Мы нетерпеливо ожидали ветра с моря. Якорь был поднят, паруса наготове. Но на стеклянной поверхности океана не было видно ни малейшей ряби.
– Во всяком случае они попали в западню, – заметил Медж, – и должны драться.
– Надеюсь, – ответил я. – Мне хочется видеть хорошее, ожесточенное сражение. Какая будет честь, если неприятель сдастся сразу?!
– Запоешь иную песню, когда вокруг тебя засвистят пули, мальчик, – ответил Медж. – А что касается славы, то ее не приобретешь, если возьмешь в плен негодяя, разбойника. Мне хотелось бы, чтобы это судно сразу пошло ко дну и чтобы нам было как можно меньше хлопот с ним.
Часы летели, а ветер все не подымался. Лейтенант Уорзи заметил, что пиратам удастся, если они захотят, укрепиться на берегу и нам придется брать и укрепление, и судно.
– Это не должно останавливать нас, – заметил капитан, – возьмем сначала корабль, а потом и укрепление.

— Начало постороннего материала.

(* Let $\Sigma^*\to G$, $w\mapsto\overline w$, be a choice of generators for a group $G$, let $\#\notin\Sigma$, let $R\subset\Sigma^*$ be a regular combing, and suppose $M=\{u\#v\#w\mid u,v,w\in R,\ \overline u\,\overline v\,\overline w=1\}$ is context-free. Let $\mathcal G$ be a context-free grammar for $M$ in Chomsky normal form (all productions of the form $A\to BC$ or $A\to a$ with $A,B,C$ nonterminals and $a\in\Sigma\cup\{\#\}$) such that every production participates in some derivation of a word of $M$ and every nonterminal occurs in some production. Call a nonterminal $A$ of rank zero if no terminal word derivable from $A$ contains $\#$. Then there exist a constant $K'$ and a regular combing $R'\subset R$ such that every word of $M\cap (R'\#R'\#R')$ has a derivation in $\mathcal G$ in which each nonterminal of rank zero derives a subword of length at most $K'$.
   Context: A choice of generators for $G$ consists of a finite alphabet $\Sigma$ with formal inverses (a fixed-point-free involution $a\mapsto a^{-1}$ on $\Sigma$, extended by $(wv)^{-1}=v^{-1}w^{-1}$) and a surjective monoid homomorphism $\Sigma^*\to G$, $w\mapsto\overline w$, with $\overline{w^{-1}}=\overline w^{-1}$. A regular combing is a regular language $R\subset\Sigma^*$ mapping onto $G$. In a derivation of a terminal word, each occurrence of a nonterminal derives a subword of that word. *)

From mathcomp Require Import all_boot.
Set Implicit Arguments.
Unset Strict Implicit.
Unset Printing Implicit Defensive.

Record group_str (G : Type) := GroupStr {
  gmul : G -> G -> G;
  gone : G;
  ginv : G -> G;
  gmulA : forall x y z, gmul x (gmul y z) = gmul (gmul x y) z;
  gmul1l : forall x, gmul gone x = x;
  gmul1r : forall x, gmul x gone = x;
  gmulVl : forall x, gmul (ginv x) x = gone;
  gmulVr : forall x, gmul x (ginv x) = gone
}.

Definition word_inv (S : Type) (sinv : S -> S) (w : seq S) : seq S :=
  rev (map sinv w).

Definition choice_of_generators (G : Type) (gs : group_str G) (Sigma : finType)
  (sinv : Sigma -> Sigma) (phi : seq Sigma -> G) : Prop :=
  [/\ involutive sinv /\ (forall a, sinv a <> a),
      phi [::] = gone gs,
      (forall w v, phi (w ++ v) = gmul gs (phi w) (phi v)),
      (forall g, exists w, phi w = g) &
      (forall w, phi (word_inv sinv w) = ginv gs (phi w))].

Record dfa (A : finType) := DFA {
  dstate : finType;
  dstart : dstate;
  dfinal : pred dstate;
  dtrans : dstate -> A -> dstate
}.

Arguments dfinal {A} d _.
Arguments dstart {A} d.
Arguments dtrans {A} d _ _.

Definition dfa_accepts (A : finType) (D : dfa A) (w : seq A) : bool :=
  dfinal D (foldl (dtrans D) (dstart D) w).

Definition regular (A : finType) (L : seq A -> Prop) : Prop :=
  exists D : dfa A, forall w, L w <-> dfa_accepts D w.

Definition regular_combing (G : Type) (Sigma : finType) (phi : seq Sigma -> G)
  (R : seq Sigma -> Prop) : Prop :=
  regular R /\ forall g, exists w, R w /\ phi w = g.

(* Words over Sigma u {#}: [None] plays the role of the letter #. *)
Definition sharp3 (Sigma : Type) (u v w : seq Sigma) : seq (option Sigma) :=
  map Some u ++ None :: map Some v ++ None :: map Some w.

Definition Mlang (G : Type) (gs : group_str G) (Sigma : Type)
  (phi : seq Sigma -> G) (R : seq Sigma -> Prop) (x : seq (option Sigma)) : Prop :=
  exists u v w, [/\ x = sharp3 u v w, R u, R v, R w &
                   gmul gs (gmul gs (phi u) (phi v)) (phi w) = gone gs].

Definition concat3 (Sigma : Type) (R : seq Sigma -> Prop) (x : seq (option Sigma)) : Prop :=
  exists u v w, [/\ x = sharp3 u v w, R u, R v & R w].

Record cnf_grammar (T : Type) := CNFGrammar {
  nonterm : finType;
  gstart : nonterm;
  binrule : nonterm -> nonterm -> nonterm -> bool;   (* A -> B C *)
  termrule : nonterm -> T -> bool                     (* A -> a *)
}.

Arguments binrule {T} c _ _ _.
Arguments termrule {T} c _ _.
Arguments gstart {T} c.

Inductive ptree (N T : Type) : Type :=
  | PLeaf (A : N) (a : T)
  | PNode (A : N) (l r : ptree N T).
Arguments PLeaf {N T}.
Arguments PNode {N T}.

Definition proot (N T : Type) (t : ptree N T) : N :=
  match t with PLeaf A _ => A | PNode A _ _ => A end.

Fixpoint pyield (N T : Type) (t : ptree N T) : seq T :=
  match t with PLeaf _ a => [:: a] | PNode _ l r => pyield l ++ pyield r end.

Fixpoint pvalid {T : Type} (g : cnf_grammar T) (t : ptree (nonterm g) T) : bool :=
  match t with
  | PLeaf A a => termrule g A a
  | PNode A l r => [&& binrule g A (proot l) (proot r), @pvalid T g l & @pvalid T g r]
  end.

Arguments pvalid {T} g t.

Definition derives {T : Type} (g : cnf_grammar T) (A : nonterm g)
  (t : ptree (nonterm g) T) (x : seq T) : Prop :=
  [/\ pvalid g t, proot t = A & pyield t = x].

Arguments derives {T} g A t x.

Fixpoint all_nodes (N T : Type) (P : ptree N T -> Prop) (t : ptree N T) : Prop :=
  P t /\ match t with PLeaf _ _ => True | PNode _ l r => all_nodes P l /\ all_nodes P r end.

Fixpoint some_node (N T : Type) (P : ptree N T -> Prop) (t : ptree N T) : Prop :=
  P t \/ match t with PLeaf _ _ => False | PNode _ l r => some_node P l \/ some_node P r end.

Inductive production (N T : Type) :=
  | BinProd (A B C : N)
  | TermProd (A : N) (a : T).
Arguments BinProd {N T}.
Arguments TermProd {N T}.

Definition root_prod (N T : Type) (t : ptree N T) : production N T :=
  match t with
  | PLeaf A a => TermProd A a
  | PNode A l r => BinProd A (proot l) (proot r)
  end.

Definition is_production {T : Type} (g : cnf_grammar T) (p : production (nonterm g) T) : bool :=
  match p with BinProd A B C => binrule g A B C | TermProd A a => termrule g A a end.

Arguments is_production {T} g p.

Definition generates (T : Type) (g : cnf_grammar T) (L : seq T -> Prop) : Prop :=
  forall x, L x <-> exists t, derives g (gstart g) t x.

Definition productions_useful (T : Type) (g : cnf_grammar T) (L : seq T -> Prop) : Prop :=
  forall p, is_production g p ->
    exists t x, [/\ derives g (gstart g) t x, L x & some_node (fun s => root_prod s = p) t].

Definition nonterminals_occur (T : Type) (g : cnf_grammar T) : Prop :=
  forall X : nonterm g,
    (exists A B C, binrule g A B C /\ (X = A \/ X = B \/ X = C)) \/
    (exists a, termrule g X a).

Definition rank_zero (Sigma : eqType) (g : cnf_grammar (option Sigma)) (A : nonterm g) : Prop :=
  forall t x, derives g A t x -> None \notin x.

From mathcomp Require Import all_boot zify boolp.
Set Implicit Arguments.
Unset Strict Implicit.
Unset Printing Implicit Defensive.

(* Fix a DFA D for R and label every node of a parse tree by its nonterminal
   together with the action of its yield on the states of D.  If a rank-zero
   subtree has a yield longer than 2^k, k the number of labels, some node in it
   carries the label of one of its proper descendants while its children have
   no such repetition.  Its yield y (of length at most 2^(k+1), without #) may
   be replaced by the shorter yield y' of that descendant: y and y' act alike on
   D, and they have the same image in G, since grafting either derivation into
   a derivation of a word of M through the same nonterminal gives two words of
   M that differ only in y versus y'.  Hence the words of R without such a
   "shortenable" factor form a regular language (the factors have bounded
   length) that still maps onto G (shorten repeatedly), and for words of
   R'#R'#R' every rank-zero node of every derivation has yield at most 2^k. *)

Section Subtrees.

Variables N T : Type.
Implicit Types s t : ptree N T.

Fixpoint subtree s t : Prop :=
  s = t \/ if t is PNode _ l r then subtree s l \/ subtree s r else False.

Definition proper_subtree s t : Prop :=
  if t is PNode _ l r then subtree s l \/ subtree s r else False.

Lemma subtree_refl t : subtree t t.
Proof. by case: t => *; left. Qed.

Lemma proper_subtreeW s t : proper_subtree s t -> subtree s t.
Proof. by case: t => //= *; right. Qed.

Lemma subtree_trans s t u : subtree s t -> subtree t u -> subtree s u.
Proof.
move=> st; elim: u => [A a|A l IHl r IHr]; first by case=> [<-|[]].
by case=> [<-|[/IHl|/IHr]] // ?; right; [left|right].
Qed.

Lemma subtree_yield s t : subtree s t ->
  exists pre suf, pyield t = pre ++ pyield s ++ suf.
Proof.
elim: t => [A a|A l IHl r IHr] /=.
  by case=> // ->; exists [::], [::]; rewrite cats0.
case=> [->|[/IHl|/IHr] [pre [suf ->]]]; first by exists [::], [::]; rewrite cats0.
  by exists pre, (suf ++ pyield r); rewrite !catA.
by exists (pyield l ++ pre), suf; rewrite !catA.
Qed.

Lemma size_pyield_gt0 t : 0 < size (pyield t).
Proof. by elim: t => //= A l IHl r IHr; rewrite size_cat addn_gt0 IHl. Qed.

Lemma proper_subtree_size s t :
  proper_subtree s t -> size (pyield s) < size (pyield t).
Proof.
case: t => //= A l r [] /subtree_yield [pre [suf ->]]; rewrite !size_cat.
  by have := size_pyield_gt0 r; lia.
by have := size_pyield_gt0 l; lia.
Qed.

Lemma some_node_subtree (P : ptree N T -> Prop) t :
  some_node P t -> exists2 s, subtree s t & P s.
Proof.
elim: t => [A a|A l IHl r IHr] /=; first by case=> // ?; exists (PLeaf A a); first left.
case=> [?|[/IHl|/IHr] [s ? ?]]; first by exists (PNode A l r); first left.
  by exists s => //; right; left.
by exists s => //; right; right.
Qed.

Lemma all_nodes_subtree (P : ptree N T -> Prop) t :
  (forall s, subtree s t -> P s) -> all_nodes P t.
Proof.
elim: t => [A a|A l IHl r IHr] Psub; split=> //; do ?exact: Psub (subtree_refl _).
by split; [apply: IHl | apply: IHr] => s ?; apply: Psub; right; [left|right].
Qed.

End Subtrees.

Section Derivations.

Variables (T : Type) (g : cnf_grammar T).
Implicit Types s t : ptree (nonterm g) T.

Lemma subtree_pvalid s t : subtree s t -> pvalid g t -> pvalid g s.
Proof.
elim: t => [A a|A l IHl r IHr] /=; first by case=> // ->.
by case=> [->|[/IHl|/IHr]] //= IH /and3P[]; auto.
Qed.

Lemma subtree_context s t : subtree s t -> pvalid g t ->
  exists pre suf, pyield t = pre ++ pyield s ++ suf /\
    forall s', pvalid g s' -> proot s' = proot s ->
      exists t', [/\ pvalid g t', proot t' = proot t & pyield t' = pre ++ pyield s' ++ suf].
Proof.
have here t' : exists pre suf, pyield t' = pre ++ pyield t' ++ suf /\
    forall s', pvalid g s' -> proot s' = proot t' ->
      exists t'', [/\ pvalid g t'', proot t'' = proot t' & pyield t'' = pre ++ pyield s' ++ suf].
  by exists [::], [::]; split=> [|s' ? ?]; [|exists s']; rewrite cats0.
elim: t => [A a|A l IHl r IHr]; first by case=> [->|[]] _; apply: here.
case=> [->|[sl|sr]] /and3P[rule vl vr]; first exact: here.
- have [pre [suf [yl fill]]] := IHl sl vl.
  exists pre, (suf ++ pyield r); split=> [|s' vs' rs']; first by rewrite /= yl !catA.
  have [l' [vl' rl' yl']] := fill s' vs' rs'.
  exists (PNode A l' r); split=> //=; first by rewrite rl'; apply/and3P.
  by rewrite yl' !catA.
- have [pre [suf [yr fill]]] := IHr sr vr.
  exists (pyield l ++ pre), suf; split=> [|s' vs' rs']; first by rewrite /= yr !catA.
  have [r' [vr' rr' yr']] := fill s' vs' rs'.
  exists (PNode A l r'); split=> //=; first by rewrite rr'; apply/and3P.
  by rewrite yr' !catA.
Qed.

Lemma nonterminal_occurs (L : seq T -> Prop) :
  productions_useful g L -> nonterminals_occur g -> forall X : nonterm g,
  exists t x, derives g (gstart g) t x /\ exists2 s, subtree s t & proot s = X.
Proof.
move=> useful occur X; case: (occur X) => [[A [B [C [rule HX]]]] | [a rule]].
  have [t [x [Dt _ /some_node_subtree [[//|A' l r] st [eA eB eC]]]]] :=
    useful (BinProd A B C) rule.
  exists t, x; split=> //.
  case: HX => [->|[->|->]]; first by exists (PNode A' l r).
    by exists l => //; apply: subtree_trans st; right; left; apply: subtree_refl.
  by exists r => //; apply: subtree_trans st; right; right; apply: subtree_refl.
have [t [x [Dt _ /some_node_subtree [[A' a'|//] st [eX _]]]]] := useful (TermProd X a) rule.
by exists t, x; split=> //; exists (PLeaf A' a').
Qed.

End Derivations.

Наконец на воде показалась легкая зыбь и задул с океана свежий, чистый ветерок. Быстро подняли якорь, и корабль поплыл по руслу к верховьям реки. Берега по обеим ее сторонам были покрыты деревьями, образовывавшими непроницаемые стены зелени, мешавшие нам видеть окрестности. Только вдали поднималось несколько высоких гор.
Мы подвигались медленно, так как ветер был слаб и начался отлив. Вскоре ветер совершенно стих, и нам пришлось стать на якорь. С наступлением вечера с суши подул горячий ветер.
– Нисколько не удивлюсь, если пираты попробовали улизнуть от нас, – сказал Медж. – Нужно хорошенько присмотреть, чтобы остановить их, если они попробуют попытаться удрать. Надеюсь, что попробуют: нам будет удобнее напасть на судно на ходу, чем когда оно стоит на якоре, да еще под прикрытием укрепления.
Было еще довольно светло; Питер и я разгуливали по палубе, так как мы были вахтенными. Вообще мы бывали в каюте только во время еды, так как это место не особенно приятно в жарком климате. На реке стояла еще более удушливая жара, чем на берегу. Я взглянул на берег, находившийся очень недалеко от нашего корабля, и увидел какую-то фигуру, двигавшуюся среди деревьев. Я указал на нее Меджу. Незнакомец подошел ближе, и мы увидели чернокожего безо всякой одежды. Он приложил руку ко рту, крикнул что-то и начал усиленно размахивать руками, как будто желая привлечь наше внимание. Медж послал меня к лейтенанту, который сейчас же велел спустить шлюпку и приказал Меджу подплыть к берегу и узнать, что нужно дикарю. Но тот вдруг обернулся, словно услышав или увидев что-то, бросился в реку и поплыл к нашему кораблю. Медж и я вскочили в лодку. Когда мы подплыли к дикарю, я увидел, что как раз перед нами высунулся из воды темный плавник какой-то рыбы, и сказал об этом Меджу.
– Это акула! – вскрикнул он. – И большая… Она, вероятно, поужинает бедным дикарем.
– Если наши голоса не отгонят ее, – ответил я. Ужас охватил меня при мысли, что мне придется видеть гибель человека. – Кричите, все кричите!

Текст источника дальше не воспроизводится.